→ **Work to be completed**: In the entries that follow, identify the line containing "lra|]. rewrite fsum_S." and return it together with all later lines, exactly as they appear.

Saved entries
(* With the setting of the context, assume additionally that $\mathbf{x}_i^+\ne\mathbf{x}_j^-$ for all $i,j$. Let $\mathbf{s}_0\in\mathbb{R}^d$ and fix $j_0\in\{1,\dots,M^-\}$ with $U_{j_0}(\mathbf{s}_0)<0$. For $i\in\{1,\dots,M^+\}$, $j\in\{1,\dots,M^-\}$ let $$\bar\rho_{ij} := \frac{\beta_j - \|\mathbf{s}_0-\mathbf{x}_j^-\|^2 + \|\mathbf{s}_0-\mathbf{x}_i^+\|^2}{2\|\mathbf{x}_j^- - \mathbf{x}_i^+\|},\qquad \beta_j = \tfrac{1}{\gamma}\Big(\log\alpha_j^- - \log\textstyle\sum_{i=1}^{M^+}\alpha_i^+\Big),$$ and define $r_u := \min_{i}\bar\rho_{i j_0}$ and $r_u^* := \min_{i}\max_{j}\bar\rho_{ij}$ (with $i$ ranging over $\{1,\dots,M^+\}$ and $j$ over $\{1,\dots,M^-\}$). Then $r_u\le r_u^*$, and every point $\mathbf{y}\in\mathbb{R}^d$ with $\|\mathbf{y}-\mathbf{s}_0\|<r_u^*$ (in particular every $\mathbf{y}$ with $\|\mathbf{y}-\mathbf{s}_0\|<r_u$) satisfies $F(\mathbf{y})<0$.
   Context: Let $M^+, M^- \ge 1$; positive support vectors $\mathbf{x}_1^+,\dots,\mathbf{x}_{M^+}^+\in\mathbb{R}^d$ with weights $\alpha_i^+>0$; negative support vectors $\mathbf{x}_1^-,\dots,\mathbf{x}_{M^-}^-\in\mathbb{R}^d$ with weights $\alpha_j^->0$. Kernel: $k(\mathbf{x},\mathbf{y}) = \eta \exp(-\gamma\|\mathbf{x}-\mathbf{y}\|^2)$ with constants $\eta,\gamma>0$, Euclidean norm. Score function: $F(\mathbf{x}) = \sum_{i=1}^{M^+}\alpha_i^+ k(\mathbf{x}_i^+,\mathbf{x}) - \sum_{j=1}^{M^-}\alpha_j^- k(\mathbf{x}_j^-,\mathbf{x})$. $\mathbf{x}_*^+(\mathbf{x})$ denotes a positive support vector closest to $\mathbf{x}$. For $j\in\{1,\dots,M^-\}$, $U_j(\mathbf{x}) := k(\mathbf{x},\mathbf{x}_*^+(\mathbf{x}))\sum_{i=1}^{M^+}\alpha_i^+ - \alpha_j^- k(\mathbf{x},\mathbf{x}_j^-)$. A point $\mathbf{x}$ is free if $F(\mathbf{x})<0$. *)

From Stdlib Require Import Reals List Lra.
Open Scope R_scope.

(* A vector of R^d is represented as a function nat -> R; only the
   coordinates 0..d-1 are meaningful. *)
Definition vec := nat -> R.

Definition fsum (n : nat) (f : nat -> R) : R :=
  fold_right Rplus 0 (map f (seq 0 n)).

(* minimum / maximum over indices 0..n-1 (meaningful for n >= 1) *)
Definition fmin (n : nat) (f : nat -> R) : R :=
  fold_right Rmin (f 0%nat) (map f (seq 0 n)).
Definition fmax (n : nat) (f : nat -> R) : R :=
  fold_right Rmax (f 0%nat) (map f (seq 0 n)).

Definition sqdist (d : nat) (x y : vec) : R := fsum d (fun k => (x k - y k) ^ 2).
Definition edist (d : nat) (x y : vec) : R := sqrt (sqdist d x y).

Definition kern (eta gamma : R) (d : nat) (x y : vec) : R :=
  eta * exp (- gamma * (edist d x y) ^ 2).

Definition score (eta gamma : R) (d Mp Mn : nat)
  (xp : nat -> vec) (ap : nat -> R) (xn : nat -> vec) (an : nat -> R) (x : vec) : R :=
  fsum Mp (fun i => ap i * kern eta gamma d (xp i) x)
  - fsum Mn (fun j => an j * kern eta gamma d (xn j) x).

(* k(x, x_*^+(x)) where x_*^+(x) is a positive support vector closest to x:
   its value is eta * exp(-gamma * min_i ||x - x_i^+||^2). *)
Definition kern_closest (eta gamma : R) (d Mp : nat) (xp : nat -> vec) (x : vec) : R :=
  eta * exp (- gamma * fmin Mp (fun i => (edist d x (xp i)) ^ 2)).

Definition Uj (eta gamma : R) (d Mp : nat)
  (xp : nat -> vec) (ap : nat -> R) (xn : nat -> vec) (an : nat -> R) (j : nat) (x : vec) : R :=
  kern_closest eta gamma d Mp xp x * fsum Mp ap - an j * kern eta gamma d x (xn j).

Definition beta (gamma : R) (Mp : nat) (ap an : nat -> R) (j : nat) : R :=
  / gamma * (ln (an j) - ln (fsum Mp ap)).

Definition rhobar (gamma : R) (d Mp : nat) (xp : nat -> vec) (ap : nat -> R)
  (xn : nat -> vec) (an : nat -> R) (s0 : vec) (i j : nat) : R :=
  (beta gamma Mp ap an j - (edist d s0 (xn j)) ^ 2 + (edist d s0 (xp i)) ^ 2)
  / (2 * edist d (xn j) (xp i)).

Definition r_u (gamma : R) (d Mp : nat) xp ap xn an s0 (j0 : nat) : R :=
  fmin Mp (fun i => rhobar gamma d Mp xp ap xn an s0 i j0).
Definition r_u_star (gamma : R) (d Mp Mn : nat) xp ap xn an s0 : R :=
  fmin Mp (fun i => fmax Mn (fun j => rhobar gamma d Mp xp ap xn an s0 i j)).

Definition vec_neq (d : nat) (x y : vec) : Prop := exists k, (k < d)%nat /\ x k <> y k.

(** Fix y with ||y - s0|| < r_u^*, and let x_i^+ be a positive support vector
    closest to y, so that the positive part of F(y) is at most
    (sum_i alpha_i^+) k(x_i^+, y).  By definition of r_u^* some j satisfies
    ||y - s0|| < rhobar_ij.  Expanding the squares and applying Cauchy-Schwarz
    to <y - s0, x_i^+ - x_j^->, this gives
    ||y - x_j^-||^2 < beta_j + ||y - x_i^+||^2, which is exactly
    (sum_i alpha_i^+) k(x_i^+, y) < alpha_j^- k(x_j^-, y); hence F(y) < 0.
    The inequality r_u <= r_u^* is monotonicity of the minimum. *)

From Stdlib Require Import Reals List Lra Lia Psatz.
Open Scope R_scope.

Lemma fold_right_Rplus_init (l : list R) b :
  fold_right Rplus b l = fold_right Rplus 0 l + b.
Proof. induction l; simpl; lra. Qed.

Lemma fsum_S n f : fsum (S n) f = fsum n f + f n.
Proof.
  unfold fsum. rewrite seq_S, map_app, fold_right_app. simpl.
  rewrite fold_right_Rplus_init. lra.
Qed.

Lemma fsum_ext n f g : (forall k, (k < n)%nat -> f k = g k) -> fsum n f = fsum n g.
Proof.
  induction n as [|n IH]; intros H; [reflexivity|].
  rewrite !fsum_S, IH by (intros; apply H; lia). rewrite H by lia. reflexivity.
Qed.

Lemma fsum_le n f g : (forall k, (k < n)%nat -> f k <= g k) -> fsum n f <= fsum n g.
Proof.
  induction n as [|n IH]; intros H; [unfold fsum; simpl; lra|]. rewrite !fsum_S.
  assert (fsum n f <= fsum n g) by (apply IH; intros; apply H; lia).
  assert (f n <= g n) by (apply H; lia). lra.
Qed.

Lemma fsum_nonneg n f : (forall k, (k < n)%nat -> 0 <= f k) -> 0 <= fsum n f.
Proof.
  induction n as [|n IH]; intros H; [unfold fsum; simpl; lra|]. rewrite fsum_S.
  assert (0 <= fsum n f) by (apply IH; intros; apply H; lia).
  assert (0 <= f n) by (apply H; lia). lra.
Qed.

Lemma fsum_ge_term n f j :
  (forall k, (k < n)%nat -> 0 <= f k) -> (j < n)%nat -> f j <= fsum n f.
Proof.
  induction n as [|n IH]; intros H Hj; [lia|]. rewrite fsum_S.
  destruct (Nat.eq_dec j n) as [->|Hne].
  - assert (0 <= fsum n f) by (apply fsum_nonneg; intros; apply H; lia). lra.
  - assert (f j <= fsum n f) by (apply IH; [intros; apply H; lia | lia]).
    assert (0 <= f n) by (apply H; lia). lra.
Qed.

Lemma fsum_pos n f : (1 <= n)%nat -> (forall k, (k < n)%nat -> 0 < f k) -> 0 < fsum n f.
Proof.
  intros Hn H.
  assert (f 0%nat <= fsum n f) by (apply fsum_ge_term; [intros; left; apply H | ]; lia).
  assert (0 < f 0%nat) by (apply H; lia). lra.
Qed.

Lemma fsum_mulr n f c : fsum n (fun k => f k * c) = fsum n f * c.
Proof. induction n as [|n IH]; [unfold fsum; simpl; ring|]. rewrite !fsum_S, IH. ring. Qed.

→ **The completed task**:
  induction n as [|n IH]; intros H; [unfold fsum; simpl; lra|]. rewrite fsum_S.
  assert (0 <= fsum n f) by (apply IH; intros; apply H; lia).
  assert (0 <= f n) by (apply H; lia). lra.
Qed.

Lemma fsum_ge_term n f j :
  (forall k, (k < n)%nat -> 0 <= f k) -> (j < n)%nat -> f j <= fsum n f.
Proof.
  induction n as [|n IH]; intros H Hj; [lia|]. rewrite fsum_S.
  destruct (Nat.eq_dec j n) as [->|Hne].
  - assert (0 <= fsum n f) by (apply fsum_nonneg; intros; apply H; lia). lra.
  - assert (f j <= fsum n f) by (apply IH; [intros; apply H; lia | lia]).
    assert (0 <= f n) by (apply H; lia). lra.
Qed.

Lemma fsum_pos n f : (1 <= n)%nat -> (forall k, (k < n)%nat -> 0 < f k) -> 0 < fsum n f.
Proof.
  intros Hn H.
  assert (f 0%nat <= fsum n f) by (apply fsum_ge_term; [intros; left; apply H | ]; lia).
  assert (0 < f 0%nat) by (apply H; lia). lra.
Qed.

Lemma fsum_mulr n f c : fsum n (fun k => f k * c) = fsum n f * c.
Proof. induction n as [|n IH]; [unfold fsum; simpl; ring|]. rewrite !fsum_S, IH. ring. Qed.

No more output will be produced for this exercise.